=== EXERCISE MATERIAL ===

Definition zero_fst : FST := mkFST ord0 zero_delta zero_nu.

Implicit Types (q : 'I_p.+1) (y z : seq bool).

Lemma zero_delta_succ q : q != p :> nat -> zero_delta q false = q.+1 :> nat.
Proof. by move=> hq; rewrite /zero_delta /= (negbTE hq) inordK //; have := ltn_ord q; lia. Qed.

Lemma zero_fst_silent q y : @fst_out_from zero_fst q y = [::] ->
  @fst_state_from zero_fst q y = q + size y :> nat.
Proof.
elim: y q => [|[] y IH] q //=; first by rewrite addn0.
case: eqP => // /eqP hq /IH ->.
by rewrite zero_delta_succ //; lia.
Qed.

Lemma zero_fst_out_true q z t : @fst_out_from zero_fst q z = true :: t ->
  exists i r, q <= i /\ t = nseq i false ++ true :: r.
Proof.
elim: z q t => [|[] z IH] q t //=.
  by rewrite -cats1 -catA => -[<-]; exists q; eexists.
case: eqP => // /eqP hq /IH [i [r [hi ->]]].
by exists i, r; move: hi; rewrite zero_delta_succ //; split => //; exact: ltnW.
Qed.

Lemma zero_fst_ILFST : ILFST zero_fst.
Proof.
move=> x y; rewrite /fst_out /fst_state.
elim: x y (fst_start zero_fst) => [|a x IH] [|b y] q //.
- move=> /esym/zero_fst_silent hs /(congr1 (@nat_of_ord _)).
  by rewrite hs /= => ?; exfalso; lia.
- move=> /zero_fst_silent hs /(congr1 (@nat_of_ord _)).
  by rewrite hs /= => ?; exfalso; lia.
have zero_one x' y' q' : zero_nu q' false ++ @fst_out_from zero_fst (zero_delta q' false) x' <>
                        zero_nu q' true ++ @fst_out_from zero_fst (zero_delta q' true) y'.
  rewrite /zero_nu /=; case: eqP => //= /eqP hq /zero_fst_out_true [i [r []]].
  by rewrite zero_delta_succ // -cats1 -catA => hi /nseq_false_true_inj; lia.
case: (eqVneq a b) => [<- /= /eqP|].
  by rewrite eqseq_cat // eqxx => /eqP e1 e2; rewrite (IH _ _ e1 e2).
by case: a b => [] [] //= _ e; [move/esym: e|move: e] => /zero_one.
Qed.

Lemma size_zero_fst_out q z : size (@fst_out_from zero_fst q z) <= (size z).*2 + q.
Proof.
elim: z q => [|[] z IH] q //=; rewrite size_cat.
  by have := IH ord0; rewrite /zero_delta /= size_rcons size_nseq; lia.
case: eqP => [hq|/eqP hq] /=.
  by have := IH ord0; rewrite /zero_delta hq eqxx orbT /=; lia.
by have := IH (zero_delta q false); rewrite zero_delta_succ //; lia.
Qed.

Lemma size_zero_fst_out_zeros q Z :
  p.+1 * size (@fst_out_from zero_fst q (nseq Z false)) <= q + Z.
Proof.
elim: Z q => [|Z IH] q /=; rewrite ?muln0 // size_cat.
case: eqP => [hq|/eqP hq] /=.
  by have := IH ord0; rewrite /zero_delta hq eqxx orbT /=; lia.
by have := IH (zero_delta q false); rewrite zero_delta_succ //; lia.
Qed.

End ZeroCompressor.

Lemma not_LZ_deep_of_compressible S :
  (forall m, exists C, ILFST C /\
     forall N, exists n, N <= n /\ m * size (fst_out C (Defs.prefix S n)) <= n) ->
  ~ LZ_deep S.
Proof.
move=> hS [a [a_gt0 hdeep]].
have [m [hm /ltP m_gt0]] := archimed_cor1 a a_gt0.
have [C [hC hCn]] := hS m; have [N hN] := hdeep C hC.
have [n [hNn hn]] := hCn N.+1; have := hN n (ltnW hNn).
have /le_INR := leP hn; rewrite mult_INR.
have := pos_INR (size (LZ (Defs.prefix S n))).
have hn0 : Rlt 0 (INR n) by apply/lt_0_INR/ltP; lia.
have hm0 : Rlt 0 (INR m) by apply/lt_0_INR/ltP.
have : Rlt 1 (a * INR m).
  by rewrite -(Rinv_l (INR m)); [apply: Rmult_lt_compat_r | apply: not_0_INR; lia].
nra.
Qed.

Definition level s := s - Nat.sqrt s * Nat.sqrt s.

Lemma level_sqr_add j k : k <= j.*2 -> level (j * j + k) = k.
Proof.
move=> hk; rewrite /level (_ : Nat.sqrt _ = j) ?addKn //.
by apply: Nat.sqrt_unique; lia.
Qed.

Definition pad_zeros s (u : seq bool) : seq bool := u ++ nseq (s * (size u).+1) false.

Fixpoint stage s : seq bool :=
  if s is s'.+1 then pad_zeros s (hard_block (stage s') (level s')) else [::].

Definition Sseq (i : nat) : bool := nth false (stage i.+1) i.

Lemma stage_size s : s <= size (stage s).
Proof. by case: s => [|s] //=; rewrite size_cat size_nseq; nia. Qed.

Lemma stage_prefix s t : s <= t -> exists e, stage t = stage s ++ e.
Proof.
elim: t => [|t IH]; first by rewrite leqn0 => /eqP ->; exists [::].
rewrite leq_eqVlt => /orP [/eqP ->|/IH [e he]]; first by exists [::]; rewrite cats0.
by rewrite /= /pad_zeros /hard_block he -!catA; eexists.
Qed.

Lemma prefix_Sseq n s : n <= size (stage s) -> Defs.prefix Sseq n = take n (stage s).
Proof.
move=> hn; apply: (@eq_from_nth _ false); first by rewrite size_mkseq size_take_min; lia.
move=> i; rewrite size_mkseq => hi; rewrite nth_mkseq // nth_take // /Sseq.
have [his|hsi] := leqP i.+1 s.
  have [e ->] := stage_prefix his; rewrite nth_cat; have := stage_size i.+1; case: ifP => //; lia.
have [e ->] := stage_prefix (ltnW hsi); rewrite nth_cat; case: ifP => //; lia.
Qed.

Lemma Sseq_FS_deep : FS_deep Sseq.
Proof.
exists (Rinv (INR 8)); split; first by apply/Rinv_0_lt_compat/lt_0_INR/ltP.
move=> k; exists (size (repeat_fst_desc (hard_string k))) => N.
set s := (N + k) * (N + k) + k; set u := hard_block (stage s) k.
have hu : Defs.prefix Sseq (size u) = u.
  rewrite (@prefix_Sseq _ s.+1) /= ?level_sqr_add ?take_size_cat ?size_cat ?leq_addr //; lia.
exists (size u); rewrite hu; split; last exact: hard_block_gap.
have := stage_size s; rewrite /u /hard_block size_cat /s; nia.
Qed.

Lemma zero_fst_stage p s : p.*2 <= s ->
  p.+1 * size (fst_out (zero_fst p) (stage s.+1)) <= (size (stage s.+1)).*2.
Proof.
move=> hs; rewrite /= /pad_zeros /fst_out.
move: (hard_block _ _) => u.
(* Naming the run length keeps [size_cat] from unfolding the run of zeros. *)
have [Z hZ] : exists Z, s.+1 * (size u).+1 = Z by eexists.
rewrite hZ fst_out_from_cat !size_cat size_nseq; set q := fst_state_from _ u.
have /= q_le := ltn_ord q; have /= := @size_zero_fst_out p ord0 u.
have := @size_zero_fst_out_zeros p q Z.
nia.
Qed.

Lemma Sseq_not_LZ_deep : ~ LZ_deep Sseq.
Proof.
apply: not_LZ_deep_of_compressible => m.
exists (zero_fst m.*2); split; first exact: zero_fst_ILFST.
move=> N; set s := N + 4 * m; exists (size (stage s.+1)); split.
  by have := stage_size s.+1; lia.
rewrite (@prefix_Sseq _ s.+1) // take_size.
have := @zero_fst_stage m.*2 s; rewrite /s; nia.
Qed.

===
=== EXERCISE MATERIAL ===

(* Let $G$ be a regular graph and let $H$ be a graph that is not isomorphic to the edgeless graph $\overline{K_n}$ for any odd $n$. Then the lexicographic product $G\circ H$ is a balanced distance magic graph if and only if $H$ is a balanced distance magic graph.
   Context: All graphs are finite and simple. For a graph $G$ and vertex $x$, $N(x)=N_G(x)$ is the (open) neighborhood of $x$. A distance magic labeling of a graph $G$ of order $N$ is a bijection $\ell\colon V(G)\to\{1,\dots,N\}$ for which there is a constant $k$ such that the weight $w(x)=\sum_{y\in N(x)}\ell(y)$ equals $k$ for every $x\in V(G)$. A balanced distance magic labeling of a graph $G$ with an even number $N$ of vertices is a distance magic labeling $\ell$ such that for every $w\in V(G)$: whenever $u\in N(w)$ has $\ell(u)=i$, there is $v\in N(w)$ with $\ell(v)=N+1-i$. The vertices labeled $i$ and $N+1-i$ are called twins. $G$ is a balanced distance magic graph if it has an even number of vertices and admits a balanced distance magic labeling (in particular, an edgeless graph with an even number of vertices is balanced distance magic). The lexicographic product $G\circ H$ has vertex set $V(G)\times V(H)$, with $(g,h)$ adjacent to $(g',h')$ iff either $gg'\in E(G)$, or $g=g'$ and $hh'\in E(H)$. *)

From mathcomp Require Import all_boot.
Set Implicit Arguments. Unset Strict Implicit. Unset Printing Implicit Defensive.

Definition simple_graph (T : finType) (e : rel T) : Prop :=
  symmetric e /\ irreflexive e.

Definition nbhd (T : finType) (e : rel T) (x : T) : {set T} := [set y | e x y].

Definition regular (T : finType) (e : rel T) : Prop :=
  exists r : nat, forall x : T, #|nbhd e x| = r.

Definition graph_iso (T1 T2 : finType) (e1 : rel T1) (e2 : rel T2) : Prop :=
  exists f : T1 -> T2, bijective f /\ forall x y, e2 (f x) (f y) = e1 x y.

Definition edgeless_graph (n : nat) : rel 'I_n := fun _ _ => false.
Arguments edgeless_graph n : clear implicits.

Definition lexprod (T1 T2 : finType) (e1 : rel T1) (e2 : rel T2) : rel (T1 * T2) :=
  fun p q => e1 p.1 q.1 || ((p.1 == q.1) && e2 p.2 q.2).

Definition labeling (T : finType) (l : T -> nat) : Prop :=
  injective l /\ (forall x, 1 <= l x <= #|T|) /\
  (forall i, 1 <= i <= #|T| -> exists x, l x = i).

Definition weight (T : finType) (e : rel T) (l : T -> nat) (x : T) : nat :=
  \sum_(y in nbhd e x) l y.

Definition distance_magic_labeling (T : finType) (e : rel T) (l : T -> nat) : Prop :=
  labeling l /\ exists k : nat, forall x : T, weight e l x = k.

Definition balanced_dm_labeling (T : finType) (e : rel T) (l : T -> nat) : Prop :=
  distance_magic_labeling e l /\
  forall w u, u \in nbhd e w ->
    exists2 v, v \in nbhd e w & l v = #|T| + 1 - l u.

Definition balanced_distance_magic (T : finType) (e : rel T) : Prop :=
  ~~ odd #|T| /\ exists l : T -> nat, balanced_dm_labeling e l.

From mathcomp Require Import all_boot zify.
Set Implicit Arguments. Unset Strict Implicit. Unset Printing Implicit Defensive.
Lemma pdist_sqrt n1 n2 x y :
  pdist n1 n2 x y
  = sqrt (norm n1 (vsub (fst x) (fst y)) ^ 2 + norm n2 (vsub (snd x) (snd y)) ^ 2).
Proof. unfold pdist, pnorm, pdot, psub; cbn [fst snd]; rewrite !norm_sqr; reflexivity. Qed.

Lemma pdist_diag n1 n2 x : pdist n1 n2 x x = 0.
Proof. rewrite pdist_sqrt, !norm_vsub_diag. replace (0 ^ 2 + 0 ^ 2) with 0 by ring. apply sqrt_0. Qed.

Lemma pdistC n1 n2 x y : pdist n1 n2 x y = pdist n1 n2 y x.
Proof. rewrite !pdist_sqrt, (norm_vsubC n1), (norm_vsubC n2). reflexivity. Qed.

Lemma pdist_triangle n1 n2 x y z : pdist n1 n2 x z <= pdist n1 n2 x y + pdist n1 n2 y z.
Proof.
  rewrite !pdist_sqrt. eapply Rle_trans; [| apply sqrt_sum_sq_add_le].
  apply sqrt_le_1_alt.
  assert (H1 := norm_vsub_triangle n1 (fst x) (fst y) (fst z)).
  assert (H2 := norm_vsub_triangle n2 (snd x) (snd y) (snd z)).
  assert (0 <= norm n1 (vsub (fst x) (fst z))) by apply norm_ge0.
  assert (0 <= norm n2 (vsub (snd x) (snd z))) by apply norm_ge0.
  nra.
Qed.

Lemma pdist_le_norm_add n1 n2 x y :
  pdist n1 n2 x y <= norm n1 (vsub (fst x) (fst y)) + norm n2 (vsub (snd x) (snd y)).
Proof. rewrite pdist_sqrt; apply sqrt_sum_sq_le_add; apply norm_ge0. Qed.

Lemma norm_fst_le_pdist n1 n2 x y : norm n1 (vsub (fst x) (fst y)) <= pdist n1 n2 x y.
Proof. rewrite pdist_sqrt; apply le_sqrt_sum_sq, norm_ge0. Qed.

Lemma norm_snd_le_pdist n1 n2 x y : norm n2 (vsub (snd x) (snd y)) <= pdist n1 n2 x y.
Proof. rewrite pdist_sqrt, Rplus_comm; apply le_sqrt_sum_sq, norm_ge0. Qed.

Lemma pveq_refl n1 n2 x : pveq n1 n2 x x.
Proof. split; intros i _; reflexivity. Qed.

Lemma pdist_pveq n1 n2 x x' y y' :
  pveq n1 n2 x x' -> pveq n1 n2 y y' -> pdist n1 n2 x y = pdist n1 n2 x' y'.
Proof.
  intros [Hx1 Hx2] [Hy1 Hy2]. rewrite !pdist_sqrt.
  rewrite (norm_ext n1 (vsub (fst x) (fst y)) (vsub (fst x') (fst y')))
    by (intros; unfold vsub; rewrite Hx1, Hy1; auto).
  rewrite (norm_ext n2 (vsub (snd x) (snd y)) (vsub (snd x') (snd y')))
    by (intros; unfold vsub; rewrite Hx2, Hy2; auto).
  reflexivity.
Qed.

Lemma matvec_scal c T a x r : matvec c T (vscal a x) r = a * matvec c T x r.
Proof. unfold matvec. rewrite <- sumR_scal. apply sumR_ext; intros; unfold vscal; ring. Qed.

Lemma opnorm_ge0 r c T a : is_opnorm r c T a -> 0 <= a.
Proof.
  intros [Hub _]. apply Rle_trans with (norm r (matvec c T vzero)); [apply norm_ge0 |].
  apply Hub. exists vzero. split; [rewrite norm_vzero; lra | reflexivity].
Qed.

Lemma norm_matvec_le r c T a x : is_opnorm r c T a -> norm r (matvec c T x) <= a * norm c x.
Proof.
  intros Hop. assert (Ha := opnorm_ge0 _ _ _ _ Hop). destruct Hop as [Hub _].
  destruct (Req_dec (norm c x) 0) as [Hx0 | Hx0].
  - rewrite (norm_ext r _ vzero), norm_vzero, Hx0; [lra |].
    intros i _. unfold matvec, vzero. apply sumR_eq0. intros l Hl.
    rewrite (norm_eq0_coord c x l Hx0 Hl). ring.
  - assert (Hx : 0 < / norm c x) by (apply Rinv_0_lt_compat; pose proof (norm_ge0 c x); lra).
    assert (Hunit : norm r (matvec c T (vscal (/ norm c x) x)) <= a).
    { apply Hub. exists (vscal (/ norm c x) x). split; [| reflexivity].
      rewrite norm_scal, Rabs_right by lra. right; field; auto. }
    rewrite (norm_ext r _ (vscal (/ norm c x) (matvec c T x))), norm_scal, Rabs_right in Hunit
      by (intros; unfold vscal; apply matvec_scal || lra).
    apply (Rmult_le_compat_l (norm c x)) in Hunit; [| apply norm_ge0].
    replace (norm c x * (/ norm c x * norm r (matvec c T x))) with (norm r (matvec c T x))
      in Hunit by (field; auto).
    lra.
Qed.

===
=== EXERCISE MATERIAL ===

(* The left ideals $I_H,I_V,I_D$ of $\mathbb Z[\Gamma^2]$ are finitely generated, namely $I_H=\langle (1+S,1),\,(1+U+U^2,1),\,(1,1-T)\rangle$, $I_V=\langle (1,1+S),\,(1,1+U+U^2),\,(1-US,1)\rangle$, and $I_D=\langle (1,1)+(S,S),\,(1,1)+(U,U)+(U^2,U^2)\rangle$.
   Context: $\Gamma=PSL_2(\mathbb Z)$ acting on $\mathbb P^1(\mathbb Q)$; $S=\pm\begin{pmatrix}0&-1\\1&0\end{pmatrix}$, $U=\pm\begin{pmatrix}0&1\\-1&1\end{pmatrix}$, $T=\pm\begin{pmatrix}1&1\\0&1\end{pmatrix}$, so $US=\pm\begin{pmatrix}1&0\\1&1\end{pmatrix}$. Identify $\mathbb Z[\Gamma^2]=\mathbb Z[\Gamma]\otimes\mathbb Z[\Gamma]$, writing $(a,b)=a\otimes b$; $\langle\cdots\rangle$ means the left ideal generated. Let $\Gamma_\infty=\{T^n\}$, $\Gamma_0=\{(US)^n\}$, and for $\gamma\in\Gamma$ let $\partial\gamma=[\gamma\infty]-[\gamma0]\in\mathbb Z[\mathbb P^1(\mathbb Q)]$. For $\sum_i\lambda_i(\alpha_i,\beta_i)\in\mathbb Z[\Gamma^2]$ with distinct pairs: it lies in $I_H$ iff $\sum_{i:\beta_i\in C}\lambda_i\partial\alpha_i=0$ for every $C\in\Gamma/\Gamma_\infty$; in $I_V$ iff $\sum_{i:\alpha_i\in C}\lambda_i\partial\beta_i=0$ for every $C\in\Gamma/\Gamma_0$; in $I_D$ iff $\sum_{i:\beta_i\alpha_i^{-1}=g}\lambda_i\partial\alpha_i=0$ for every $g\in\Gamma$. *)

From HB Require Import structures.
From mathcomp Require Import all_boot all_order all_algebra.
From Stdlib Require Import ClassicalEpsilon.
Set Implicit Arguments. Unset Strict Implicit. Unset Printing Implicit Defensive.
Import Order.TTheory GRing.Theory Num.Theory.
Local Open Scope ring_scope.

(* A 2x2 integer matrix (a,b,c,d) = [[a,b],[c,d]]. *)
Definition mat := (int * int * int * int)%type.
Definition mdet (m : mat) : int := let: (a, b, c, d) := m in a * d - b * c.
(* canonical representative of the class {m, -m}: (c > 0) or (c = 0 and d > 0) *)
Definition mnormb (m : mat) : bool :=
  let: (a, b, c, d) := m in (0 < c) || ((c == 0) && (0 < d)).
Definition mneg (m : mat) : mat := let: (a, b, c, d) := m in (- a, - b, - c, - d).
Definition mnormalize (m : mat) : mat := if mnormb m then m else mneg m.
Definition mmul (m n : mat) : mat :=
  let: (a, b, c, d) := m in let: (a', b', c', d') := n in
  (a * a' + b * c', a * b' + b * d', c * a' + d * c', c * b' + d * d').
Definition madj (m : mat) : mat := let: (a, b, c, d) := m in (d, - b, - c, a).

===

> **WHAT YOU HAVE TO DO**:
Produce a word-for-word copy of everything above from the line holding "rewrite /zero_nu /=;" down to the line holding "have : Rlt 1 (a * INR m).", with both of those lines kept.

> **EXERCISE OUTPUT**:
  rewrite /zero_nu /=; case: eqP => //= /eqP hq /zero_fst_out_true [i [r []]].
  by rewrite zero_delta_succ // -cats1 -catA => hi /nseq_false_true_inj; lia.
case: (eqVneq a b) => [<- /= /eqP|].
  by rewrite eqseq_cat // eqxx => /eqP e1 e2; rewrite (IH _ _ e1 e2).
by case: a b => [] [] //= _ e; [move/esym: e|move: e] => /zero_one.
Qed.

Lemma size_zero_fst_out q z : size (@fst_out_from zero_fst q z) <= (size z).*2 + q.
Proof.
elim: z q => [|[] z IH] q //=; rewrite size_cat.
  by have := IH ord0; rewrite /zero_delta /= size_rcons size_nseq; lia.
case: eqP => [hq|/eqP hq] /=.
  by have := IH ord0; rewrite /zero_delta hq eqxx orbT /=; lia.
by have := IH (zero_delta q false); rewrite zero_delta_succ //; lia.
Qed.

Lemma size_zero_fst_out_zeros q Z :
  p.+1 * size (@fst_out_from zero_fst q (nseq Z false)) <= q + Z.
Proof.
elim: Z q => [|Z IH] q /=; rewrite ?muln0 // size_cat.
case: eqP => [hq|/eqP hq] /=.
  by have := IH ord0; rewrite /zero_delta hq eqxx orbT /=; lia.
by have := IH (zero_delta q false); rewrite zero_delta_succ //; lia.
Qed.

End ZeroCompressor.

Lemma not_LZ_deep_of_compressible S :
  (forall m, exists C, ILFST C /\
     forall N, exists n, N <= n /\ m * size (fst_out C (Defs.prefix S n)) <= n) ->
  ~ LZ_deep S.
Proof.
move=> hS [a [a_gt0 hdeep]].
have [m [hm /ltP m_gt0]] := archimed_cor1 a a_gt0.
have [C [hC hCn]] := hS m; have [N hN] := hdeep C hC.
have [n [hNn hn]] := hCn N.+1; have := hN n (ltnW hNn).
have /le_INR := leP hn; rewrite mult_INR.
have := pos_INR (size (LZ (Defs.prefix S n))).
have hn0 : Rlt 0 (INR n) by apply/lt_0_INR/ltP; lia.
have hm0 : Rlt 0 (INR m) by apply/lt_0_INR/ltP.
have : Rlt 1 (a * INR m).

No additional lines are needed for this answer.